The movie was co-written and directed by Seth MacFarlane ("Family Guy"), who also provides Ted's voice and gives himself the same freedom he has in animation. The bear itself is a CGI creation, striking a reasonable balance between the agility of a sexual athlete and the clumsiness of Pooh. It appears that Ted is stuffed with cotton wool and feels no pain when an ear is ripped off, but he behaves as a living, breathing best buddy.
The plot of "Ted" is fairly standard but greatly embellished by MacFarlane's ability to establish comic situations and keep them building. One crucial scene occurs when Ted persuades John to leave Lori at a party ("just for five minutes") and come to Ted's own party, where their childhood hero has turned up. This is Sam J. Jones, star of the 1980 movie "Flash Gordon," who in middle age has become a party animal. How this situation ends up with an enraged duck attacking Ted you will have to discover for yourself.

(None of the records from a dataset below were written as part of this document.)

Lemma measurable_invI t : (t <= 1)%R -> measurable_fun (Ioo0 t) (fun s => ((I s)^-1)%:E).
Proof.
move=> t1; apply/measurable_EFinP; apply: measurable_nonincreasing.
- exact: measurable_Ioo0.
- exact: interval_is_interval.
- move=> x y /(Ioo0_U01 t1) Ux /(Ioo0_U01 t1) Uy xy.
  by rewrite lef_pV2 ?posrE ?I_gt0 // I_le.
Qed.

Lemma erearr2_le_bound g t (b k C3 : R) : U01 t -> (0 <= b)%R -> (0 <= k)%R ->
  \int[leb]_(s in Ioo0 t) ((I s)^-1)%:E <= (C3 * t / I t)%:E ->
  (forall s, Ioo0 t s -> erearr g s <= (b + k / I s)%:E) ->
  erearr2 g t <= (b + k * C3 / I t)%:E.
Proof.
move=> Ut b0 k0 intI gb; have /U01P/andP[t0 t1] := Ut.
have invI0 s : Ioo0 t s -> 0 <= ((I s)^-1)%:E.
  by move=> /(Ioo0_U01 (ltW t1)) Us; rewrite lee_fin invr_ge0 ltW ?I_gt0.
have gfin s : Ioo0 t s -> erearr g s \is a fin_num.
  by move=> Ds; rewrite ge0_fin_numE ?erearr_ge0 // (le_lt_trans (gb s Ds)) ?ltry.
have iD : is_interval (Ioo0 t) by exact: interval_is_interval.
have mg := measurable_erearr g _ (measurable_Ioo0 t) iD gfin.
have mI' := measurable_invI t (ltW t1).
have int_le : \int[leb]_(s in Ioo0 t) erearr g s <= (b * t + k * (C3 * t / I t))%:E.
  apply: le_trans.
    apply: (@ge0_le_integral _ _ _ (@lebesgue_measure R) _ (measurable_Ioo0 t) _
      (fun s => b%:E + k%:E * ((I s)^-1)%:E) (fun s _ => erearr_ge0 g s) mg).
    - by apply: emeasurable_funD; [exact: measurable_cst|exact: measurable_funeM].
    - by move=> s Ds; rewrite -EFinM -EFinD; exact: gb.
  rewrite (ge0_integralD (@lebesgue_measure R) (measurable_Ioo0 t)); last 4 first.
  - by move=> s _; rewrite lee_fin.
  - exact: measurable_cst.
  - by move=> s Ds; rewrite mule_ge0 ?invI0.
  - exact: measurable_funeM.
  rewrite (ge0_integralZl (@lebesgue_measure R) (measurable_Ioo0 t) mI') //.
  rewrite (integral_cst (@lebesgue_measure R) (measurable_Ioo0 t)).
  rewrite [X in b%:E * X](_ : _ = t%:E); last exact: leb_Ioo0 (ltW t0).
  by rewrite EFinD EFinM leeD2l // EFinM lee_wpmul2l.
rewrite /erearr2; apply: le_trans (lee_wpmul2l _ int_le) _.
  by rewrite lee_fin invr_ge0 ltW.
rewrite -EFinM lee_fin le_eqVlt; apply/orP; left; apply/eqP.
by field; apply/andP; split; rewrite lt0r_neq0 ?I_gt0.
Qed.

Lemma erearr2_le_SI g f (C C3 t : R) : (0 <= C)%R -> in_mI I f -> U01 t ->
  \int[leb]_(s in Ioo0 t) ((I s)^-1)%:E <= (C3 * t / I t)%:E ->
  (forall s, U01 s -> erearr g s <= C%:E * SI I f s) ->
  erearr2 g t <= (C * C3)%:E * SI I f t.
Proof.
move=> C0 fI Ut intI gSI; have /U01P/andP[_ t1] := Ut.
have mE := fineK (supI_fin_num f t fI Ut); set m := fine (supI f t) in mE.
have m0 : (0 <= m)%R by rewrite -lee_fin mE supI_ge0.
apply: le_trans (erearr2_le_bound g t 0 (C * m) C3 Ut (lexx _) (mulr_ge0 C0 m0) intI _) _.
  move=> s Ds; have Us := Ioo0_U01 (ltW t1) Ds; apply: le_trans (gSI s Us) _.
  rewrite SIE add0r -mulrA EFinM; apply: lee_wpmul2l; first by rewrite lee_fin.
  rewrite mulrC EFinM; apply: lee_wpmul2l; first by rewrite lee_fin invr_ge0 ltW ?I_gt0.
  by rewrite mE le_supI //; move: Ds; rewrite /Ioo0 /= in_itv /= => /andP[_ /ltW].
rewrite SIE -mE -!EFinM lee_fin add0r le_eqVlt; apply/orP; left; apply/eqP.
by field; rewrite lt0r_neq0 ?I_gt0.
Qed.

Lemma SI_le_split f r t : U01 r -> U01 t ->
  SI I f r <= SI I f t + ((I r)^-1)%:E * supI f t.
Proof.
move=> Ur Ut; have Ir0 := I_gt0 r Ur.
rewrite SIE addeC; apply: le_trans (lee_wpmul2l _ (supI_le_split f r t Ur Ut)) _.
  by rewrite lee_fin invr_ge0 ltW.
rewrite ge0_muleDr ?supI_ge0 ?mule_ge0 ?erearr_ge0 ?lee_fin ?(ltW Ir0) //.
rewrite muleA -EFinM mulVf ?lt0r_neq0 // mul1e; apply: leeD2l; exact: rearr_le_SI.
Qed.

Lemma erearr_invI_le (k s : R) : (0 <= k)%R -> U01 s ->
  erearr (fun r => (k / I r)%:E) s <= (k / I s)%:E.
Proof.
move=> k0 Us; have /U01P/andP[s0 _] := Us.
apply: erearr_le; first exact: divr_ge0 k0 (ltW (I_gt0 s Us)).
rewrite -(leb_Ioo0 _ (ltW s0)); apply: le_leb => x [Ux /=].
rewrite lte_fin ger0_norm ?(divr_ge0 k0 (ltW (I_gt0 x Ux))) // => ksx.
have /U01P/andP[x0 _] := Ux; rewrite /Ioo0 /= in_itv /= x0 ltNge /=.
apply: contraTN ksx => sx; rewrite -leNgt ler_wpM2l // lef_pV2 ?posrE ?I_gt0 //.
exact: I_le.
Qed.

Lemma erearr2_SI_le_SI f (C3 t : R) : in_mI I f -> U01 t ->
  \int[leb]_(s in Ioo0 t) ((I s)^-1)%:E <= (C3 * t / I t)%:E ->
  erearr2 (SI I f) t <= (1 + C3)%:E * SI I f t.
Proof.
move=> fI Ut intI; have /U01P/andP[_ t1] := Ut.
have mE := fineK (supI_fin_num f t fI Ut); set m := fine (supI f t) in mE.
have m0 : (0 <= m)%R by rewrite -lee_fin mE supI_ge0.
have sE := fineK (SI_fin_num f t fI Ut); set sI := fine (SI I f t) in sE.
have sI0 : (0 <= sI)%R by rewrite -lee_fin sE SI_ge0.
apply: le_trans (erearr2_le_bound _ t sI m C3 Ut sI0 m0 intI _) _.
  move=> s Ds; have Us := Ioo0_U01 (ltW t1) Ds; rewrite EFinD.
  apply: le_trans (erearr_le_ae _ (fun r => (m / I r)%:E) sI s sI0 _) _.
    apply: aeW => r Ur; have Ir0 := I_gt0 r Ur.
    rewrite gee0_abs ?SI_ge0 // gee0_abs ?lee_fin ?divr_ge0 ?(ltW Ir0) //.
    by rewrite sE mulrC EFinM mE; exact: SI_le_split.
  by rewrite leeD2l //; exact: erearr_invI_le.
rewrite -sE -EFinM lee_fin le_eqVlt; apply/orP; left; apply/eqP.
have -> : sI = (m / I t)%R by rewrite /sI SIE -mE -EFinM /= mulrC.
by field; rewrite lt0r_neq0 ?I_gt0.
Qed.

Lemma sublinear_on_mI_linear T : linear_on_mI I T -> sublinear_on_mI I T.
Proof.
move=> [mT Tlin]; split => //; split.
- move=> f g fI gI; move: (Tlin 1%R 1%R f g fI gI).
  under [X in T X]eq_fun do rewrite !mul1r.
  apply: (@filterS _ _ (ae_filter_ringOfSetsType (@lebesgue_measure R))) => x Tx Ux.
  by rewrite Tx // !mul1r; exact: ler_normD.
- move=> a f fI; move: (Tlin a 0%R f f fI fI).
  under [X in T X]eq_fun do rewrite mul0r addr0.
  apply: (@filterS _ _ (ae_filter_ringOfSetsType (@lebesgue_measure R))) => x Tx Ux.
  by rewrite Tx // mul0r addr0 normrM.
Qed.

Lemma normX_le_SI (X : ri_space R) g f (C : R) : (0 < C)%R -> in_mI I g -> in_mI I f ->
  measurable_fun U01 (fun t => fine (SI I f t)) ->
  (forall t, U01 t -> rearr g t <= C%:E * SI I f t) ->
  normX X g <= C%:E * normX X (fun t => fine (SI I f t)).
Proof.
move=> C0 gI fI mSI gSI; have gfin s := rearr_fin_num g s gI.
have mnSI : measurable_fun U01 (fun t => `|fine (SI I f t)|%R).
  by apply: measurableT_comp => //; exact: normr_measurable.
rewrite (normX_rearr X g gI.1 gfin).
rewrite [Y in _ <= Y](_ : _ = rho X (fun t => C * `|fine (SI I f t)|)%R); last first.
  exact: (esym (rhoZ X (ltW C0) mnSI (fun t _ => normr_ge0 _))).
apply: rho_mono.
- by apply: measurable_funM => //; exact: measurable_cst.
- by move=> x _; rewrite mulr_ge0 ?(ltW C0).
- by apply: measurable_fine_erearr measurable_U01 _ gfin; exact: interval_is_interval.
- by move=> x _; rewrite fine_ge0 ?erearr_ge0.
apply: aeW => x Ux; rewrite -lee_fin fineK ?gfin // EFinM.
apply: le_trans (gSI x Ux) _; rewrite -(fineK (SI_fin_num f x fI Ux)).
by apply: lee_wpmul2l; rewrite lee_fin ?(ltW C0) // ler_norm.
Qed.

Lemma Int_Linf_mI_of_SI_bounded (X : ri_space R) : (forall f, in_X X f -> in_mI I f) ->
  SI_bounded_X I X -> Int_Linf_mI I X.
Proof.
move=> XmI [CS [CS0 SIX]]; split; first exact: in_X_Linf.
split=> // T Tlin TL TM; have [CT [_ TMb]] := TM.
have [C [C0 TSI]] := rearr_sublinear_le_SI T (sublinear_on_mI_linear T Tlin) TL TM.
exists (C * CS)%R; split; first exact: mulr_gt0.
move=> f fX; have fI := XmI f fX; have [TfI _] := TMb f fI.
have [[mSI _] SIf] := SIX f fX.
have TfX : normX X (T f) <= (C * CS)%:E * normX X f.
  apply: le_trans (normX_le_SI X (T f) f C C0 TfI fI mSI (TSI f fI)) _.
  by rewrite EFinM -muleA lee_wpmul2l // lee_fin ltW.
have fXfin : normX X f \is a fin_num by rewrite ge0_fin_numE ?rho_ge0 ?fX.2.
split=> //; split; first exact: TfI.1.
by apply: le_lt_trans TfX _; rewrite -(fineK fXfin) -EFinM ltry.
Qed.
Lemma sum_count_col_mulr (G : 'I_N -> R) :
  \sum_v G v * count_col v ord0 = \sum_(r < n) G (f r).
Proof.
rewrite -sum_count_col_mull; apply: eq_bigr => v _.
by rewrite mxE; exact: commr_nat.
Qed.

Lemma count_col_quad (A : 'M[R]_N) :
  (count_col^T *m A *m count_col) ord0 ord0 = \sum_(i < n) \sum_(j < n) A (f i) (f j).
Proof.
rewrite mxE sum_count_col_mulr [RHS]exchange_big; apply: eq_bigr => j _.
rewrite -(sum_count_col_mull (A^~ (f j))) mxE.
by apply: eq_bigr => k _; rewrite mxE.
Qed.

End CountingVector.

Section Design.
Variables (R : realType) (n p q : nat) (s : seq nat) (D : 'M[nat]_(n, p + q)).
Hypotheses (size_s : size s = (p + q)%N) (D_lt : forall i k, (D i k < sk s k)%N).

Definition run_levels (r : 'I_n) : seq nat := [seq D r j | j <- enum 'I_(p + q)].

Lemma size_run_levels r : size (run_levels r) = size s.
Proof. by rewrite size_map size_enum_ord size_s. Qed.

Lemma lvl_lt r k : (k < p + q)%N -> (lvl D r k < sk s k)%N.
Proof.
move=> kpq; rewrite /lvl (nth_map (Ordinal kpq)) ?size_enum_ord //.
have -> : nth (Ordinal kpq) (enum 'I_(p + q)) k = Ordinal kpq.
  by apply: val_inj; rewrite /= nth_enum_ord.
exact: D_lt.
Qed.

Lemma run_levels_lt r m : (m < size s)%N -> (nth 0 (run_levels r) m < nth 0 s m)%N.
Proof. by rewrite size_s; exact: lvl_lt. Qed.

Definition run_index (r : 'I_n) : 'I_(prodl s) :=
  Ordinal (lexidx_lt (size_run_levels r) (run_levels_lt r)).

Lemma yvecE : yvec R s D = count_col R run_index.
Proof. by []. Qed.
Lemma villa_not_simplicial v : 1 < t -> ~ simplicial E v.
Proof.
move=> t_gt1 v_simpl; have [a pa] := A_nonempty villa.
case pv: (part v) => [[i|i]|].
- have [c pc vc] := B_C_neighbour villa pv.
  apply: (negP (A_C_anticomplete villa pa pc)); apply: v_simpl => //.
    by rewrite Esym (A_B_complete villa pa pv).
  by rewrite neq_parts ?pa ?pc.
- have [j ji] := exists_ord_neq i t_gt1; have [c pc] := C_nonempty villa j.
  have [b pb b_dom] := B_dominating villa i.
  apply: (negP (B_C_anticomplete villa pb pc _)); first by rewrite eq_sym.
  apply: v_simpl; rewrite ?neq_parts ?pb ?pc //; first by rewrite Esym b_dom.
  by apply: (C_clique pv pc); rewrite neq_parts // pv pc /= eq_sym.
- have i := Ordinal (ltnW t_gt1); have [j ji] := exists_ord_neq i t_gt1.
  have [b pb _] := B_dominating villa i; have [b' pb' _] := B_dominating villa j.
  apply: (negP (B_B_anticomplete villa pb pb' _)); first by rewrite eq_sym.
  apply: v_simpl; [exact: (A_B_complete villa) pv pb |
                   exact: (A_B_complete villa) pv pb' |].
  by rewrite neq_parts // pb pb' /= eq_sym.
Qed.

Lemma villa_not_universal v : 1 < t -> ~ universal E v.
Proof.
move=> t_gt1 v_univ; case pv: (part v) => [[i|i]|].
- have [j ji] := exists_ord_neq i t_gt1; have [c pc] := C_nonempty villa j.
  apply: (negP (B_C_anticomplete villa pv pc _)); first by rewrite eq_sym.
  by apply: v_univ; rewrite neq_parts ?pv ?pc.
- have [a pa] := A_nonempty villa.
  apply: (negP (A_C_anticomplete villa pa pv)); rewrite Esym.
  by apply: v_univ; rewrite neq_parts ?pv ?pa.
- have [c pc] := C_nonempty villa (Ordinal (ltnW t_gt1)).
  apply: (negP (A_C_anticomplete villa pv pc)).
  by apply: v_univ; rewrite neq_parts ?pv ?pc.
Qed.

End Villa.

Theorem proposition5p3 (t : nat) (ht : 3 <= t) (V : finType) (E : rel V)
    (Esym : symmetric E) (Eirr : irreflexive E) :
  is_villa E t ->
  [/\ H_free E twoP3_rel, H_free E (cycle_rel 4), H_free E (cycle_rel 6),
      H_free E (cycle_rel 7) & H_free E T0_rel]
  /\ has_induced E (pentagon_rel t)
  /\ anticonnected E
  /\ (forall v : V, ~ simplicial E v)
  /\ (forall v : V, ~ universal E v).
Proof.
case/is_villa_labelling=> part villa.
have t_gt1 : 1 < t by apply: leq_trans ht.
split; first by split; apply: (villa_induced_free Esym villa); vm_compute.
split; first exact: villa_has_pentagon Esym villa Eirr.
split; first exact: villa_anticonnected Esym villa t_gt1.
by split=> v; [apply: villa_not_simplicial Esym villa v t_gt1
              | apply: villa_not_universal Esym villa v t_gt1].
Qed.
Theorem corollary7 (T : finType) (e : rel T)
  (esym : symmetric e) (eirr : irreflexive e) (hT : (0 < #|T|)%N) :
  ((chi eirr)%:R : rat) <=
    ((omega e)%:R + (Delta e)%:R + 1) / 2 + (kappa (compl_rel e))%:R + 1
    - (alpha e)%:R / 4.
Proof.
have := chi_alpha_le_kappa esym eirr hT.
move: (chi eirr) (alpha e) (omega e) (Delta e) (kappa (compl_rel e)) => c a o d k.
rewrite -(ler_nat rat) !natrD; lra.
Qed.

There's also peril involving Donny, a creepy dad (Giovanni Ribisi) who as a child passionately wanted Ted to be his own teddy, and his pudgy spoiled son (Aedin Mincks), who wants Ted now. Their desire is pitched at such a perverse level that it approaches teddy-bear predation.
What's remarkable about "Ted" is that it doesn't run out of steam. MacFarlane seems unwilling to stop after the first payoff of a scene. He keeps embellishing. In Ted, he has an inexhaustible source of socially obnoxious behavior and language, and it's uncanny the way a teddy bear can get away with doing and saying things that we wouldn't necessarily accept from a human character. This is partly because Ted is a stand-up insult comedian trapped inside the body of a teddy bear.
I must end on a note of warning. "Ted" is not merely an R-rated movie, but a very R-rated movie — "for crude and sexual content, pervasive language and some drug use," according to the MPAA, and what they mean by "some" is hard to figure, because it could hardly contain more. No matter how much kids want to see the teddy bear movie in the ads on TV, steer them to "Brave." Trust me on this.